Ajaib… dalam beberapa hari anjingnya sembuh.
Pada lain kesempatan guru tersebut mengalami sakit demam tinggi. Karena sakitnya dia tidak bisa mengajar dan terbaring di tempat tidurnya selama tiga hari. Murid yang pernah ditolong disembuhkan anjing nya ingin berbuat sesuatu agar gurunya segera sembuh. Dia teringat doa gurunya saat itu. Karena tidak tahu arti kata per kata, dia anggap sebagai mantra ajaib. Maka dengan seijin gurunya dia mendoakan gurunya. Setelah berdoa sejenak di dalam hati, dia pun berucap di depan gurunya : “Su asu yen arep modar yo modar-o, yen arep waras ndang waras-o ….. pwuih…pwuih…pwuih…”– sambil menyemburkan air putih ke tubuh gurunya.
Sang guru tertawa terpingkal-pingkal melihat ulah muridnya. Ajaib bin aneh …. demam sang guru seketika hilang.

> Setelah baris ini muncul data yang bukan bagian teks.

Lemma sub_of_order_unique K : K \subset <[a]> -> K = sub_of_order #|K|.
Proof. by move=> sKa; apply/eqP; rewrite -sub_of_orderP ?sKa ?eqxx ?cardSg. Qed.

Lemma cycle_covers_prime_index H K : K \subset <[a]> -> covers H K -> prime #|K : H|.
Proof.
move=> sKa /andP[pHK /forallP nHK]; have sHK := proper_sub pHK.
have iKH_gt1 : 1 < #|K : H| by move: pHK; rewrite properE indexg_gt1 => /andP[].
apply: contraR (nHK (sub_of_order (#|H| * pdiv #|K : H|))) => not_pr_iKH.
set q := pdiv _; have pr_q : prime q := pdiv_prime iKH_gt1.
have lt_q : q < #|K : H|.
  rewrite ltn_neqAle (dvdn_leq (ltnW iKH_gt1) (pdiv_dvd _)) andbT.
  by apply: contraNneq not_pr_iKH => <-.
have oK : #|K| = (#|H| * #|K : H|)%N by rewrite Lagrange.
have Hq_dvd_a : #|H| * q %| #[a].
  by rewrite (dvdn_trans _ (cardSg sKa)) // oK dvdn_pmul2l ?pdiv_dvd.
have sHa := subset_trans sHK sKa; have cyc_a := cycle_cyclic a.
rewrite !properEcard card_sub_of_order // oK ltn_pmul2l // lt_q.
rewrite ltn_Pmulr ?prime_gt1 // !andbT.
rewrite -(cardSg_cyclic cyc_a sHa (cycleX a _)) -(cardSg_cyclic cyc_a (cycleX a _) sKa).
by rewrite card_sub_of_order // oK dvdn_mulr // dvdn_pmul2l ?pdiv_dvd.
Qed.

Lemma cycle_neighbors H : H \subset <[a]> -> squarefree #[a] ->
  [set K : {group gT} | (K \subset <[a]>) && subgraph_edge H K]
  =i [seq sub_of_order (neighbor_order #|H| q) | q <- primes #[a]].
Proof.
move=> sHa sqf_a K; have a_gt0 := order_gt0 a; rewrite inE.
have cyc_a := cycle_cyclic a; have H_gt0 := cardG_gt0 H.
apply/idP/mapP=> [/andP[sKa /orP[cHK | cKH]] | [q]].
- have pr_q := cycle_covers_prime_index sKa cHK; set q := #|K : H| in pr_q.
  have oK : #|K| = (#|H| * q)%N by rewrite Lagrange // proper_sub //; case/andP: cHK.
  have q_dvd_a : q %| #[a] by rewrite (dvdn_trans _ (cardSg sKa)) // oK dvdn_mull.
  exists q; first by rewrite mem_primes pr_q a_gt0.
  rewrite /neighbor_order ifN -?oK; first exact: sub_of_order_unique.
  apply: contraL sqf_a => q_dvd_H; apply/negP => /(squarefreeP a_gt0)/(_ q pr_q)/negP; apply.
  by rewrite (dvdn_trans _ (cardSg sKa)) // oK mulnC dvdn_pmul2l ?prime_gt0.
- have sKH := proper_sub (proj1 (andP cKH)).
  have pr_q := cycle_covers_prime_index sHa cKH; set q := #|H : K| in pr_q.
  have oH : #|H| = (#|K| * q)%N by rewrite Lagrange.
  exists q; first by rewrite mem_primes pr_q a_gt0 (dvdn_trans _ (cardSg sHa)) // oH dvdn_mull.
  by rewrite /neighbor_order oH dvdn_mull // mulnK ?prime_gt0 //; apply: sub_of_order_unique.
rewrite mem_primes => /and3P[pr_q _ q_dvd_a] ->.
have m_dvd_a := neighbor_order_dvd (cardSg sHa) pr_q q_dvd_a.
have oL := card_sub_of_order m_dvd_a.
set L := sub_of_order _ in oL *; have sLa : L \subset <[a]> := cycleX a _.
rewrite sLa /subgraph_edge /=; rewrite /neighbor_order in oL; case: ifP oL => q_dvd_H oL.
  rewrite (@covers_card _ L H q) ?orbT ?oL ?divnK //.
  by rewrite -(cardSg_cyclic cyc_a sLa sHa) oL dvdn_div.
rewrite (@covers_card _ H L q) ?oL //.
by rewrite -(cardSg_cyclic cyc_a sHa sLa) oL dvdn_mulr.
Qed.

Lemma subgraph_degree_cycle H : H \subset <[a]> -> squarefree #[a] ->
  subgraph_degree <[a]>%G H = size (primes #[a]).
Proof.
move=> sHa sqf_a; rewrite /subgraph_degree (eq_card (cycle_neighbors sHa sqf_a)).
rewrite (card_uniqP _) ?size_map // map_inj_in_uniq ?primes_uniq // => p q.
rewrite !mem_primes => /and3P[pr_p _ p_dvd_a] /and3P[pr_q _ q_dvd_a] /(congr1 (fun L => #|gval L|)).
rewrite /= !card_sub_of_order ?neighbor_order_dvd ?cardSg //.
exact: neighbor_order_inj (cardG_gt0 H) pr_p pr_q.
Qed.

End CyclicSquarefree.

Unset Implicit Arguments.

Theorem mainTheorem1 (gT : finGroupType) (G : {group gT}) :
  subgraph_regular G <-> (cyclic G /\ squarefree #|G|).
Proof.
split=> [regG | [/cyclicP[a defG] sqfG]].
  have sqf_orders := regular_element_orders regG.
  by split; [apply: regular_cyclic sqf_orders regG | apply: regular_squarefree sqf_orders regG].
have -> : G = <[a]>%G by apply: val_inj.
rewrite defG -orderE in sqfG.
by move=> H K; rewrite !inE => sHa sKa; rewrite !subgraph_degree_cycle.
Qed.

Sang guru pun berangsur pulih dan beraktifitas normal kembali.
Saudaraku, apa yang dilakukan oleh guru dimengerti atau pun tidak dimengerti acapkali dicontoh dan diteladani oleh muridnya. Apabila teladan tersebut dilandasi dengan maksud baik tentulah menjadikan kebaikan bagi sesama. Demikian pun dalam ibadat atau pun perayaan iman yang kita ikuti di keseharian kita. Contoh dan teladan yang disampaikan dalam khotbah imam, apabila kita praktekkan dalam niat baik, niscaya menjadi saluran berkat bagi sesama
Pada perayaan Kamis Putih yang lalu, yang merupakan salah satu dari perayaan tri hari suci Paskah, umat Katolik merayakan beberapa peristiwa iman sekaligus, yaitu :
- Yesus merayakan perjamuan terakhir dengan para rasul
- Yesus membasuh kaki para murid
- Yesus menetapkan Ekaristi sebagai sarana kehadiran-Nya
- Yesus berdoa dalam sakratul maut di taman Getzemani
- Pengkhianatan Yudas Iskariot
- Yesus ditangkap dan dipenjara
Dari banyak peristiwa iman tersebut yang selalu diingat oleh kebanyakan umat Katolik adalah pembasuhan kaki para murid. Ya, jika kita mengikuti Perayaan Kamis Putih kita akan mendapati sesudah Homili dari Imam, 12 orang wakil umat terpilih akan tampil ke depan altar. Imam akan turun dari altar, melepas jubahnya, mengenakan kain lampin, dengan dibantu sejumlah petugas liturgi Imam mencuci kaki ke-12 orang wakil umat satu persatu, mengeringkannya dengan handuk kecil dan menciumnya. Hmm yakin deh, beberapa dari bapak-bapak (dan pada kesempatan perayaan kemarin ada pula ibu-ibu) yang berkesempatan menjadi wakil lingkungannya, dibasuh kakinya.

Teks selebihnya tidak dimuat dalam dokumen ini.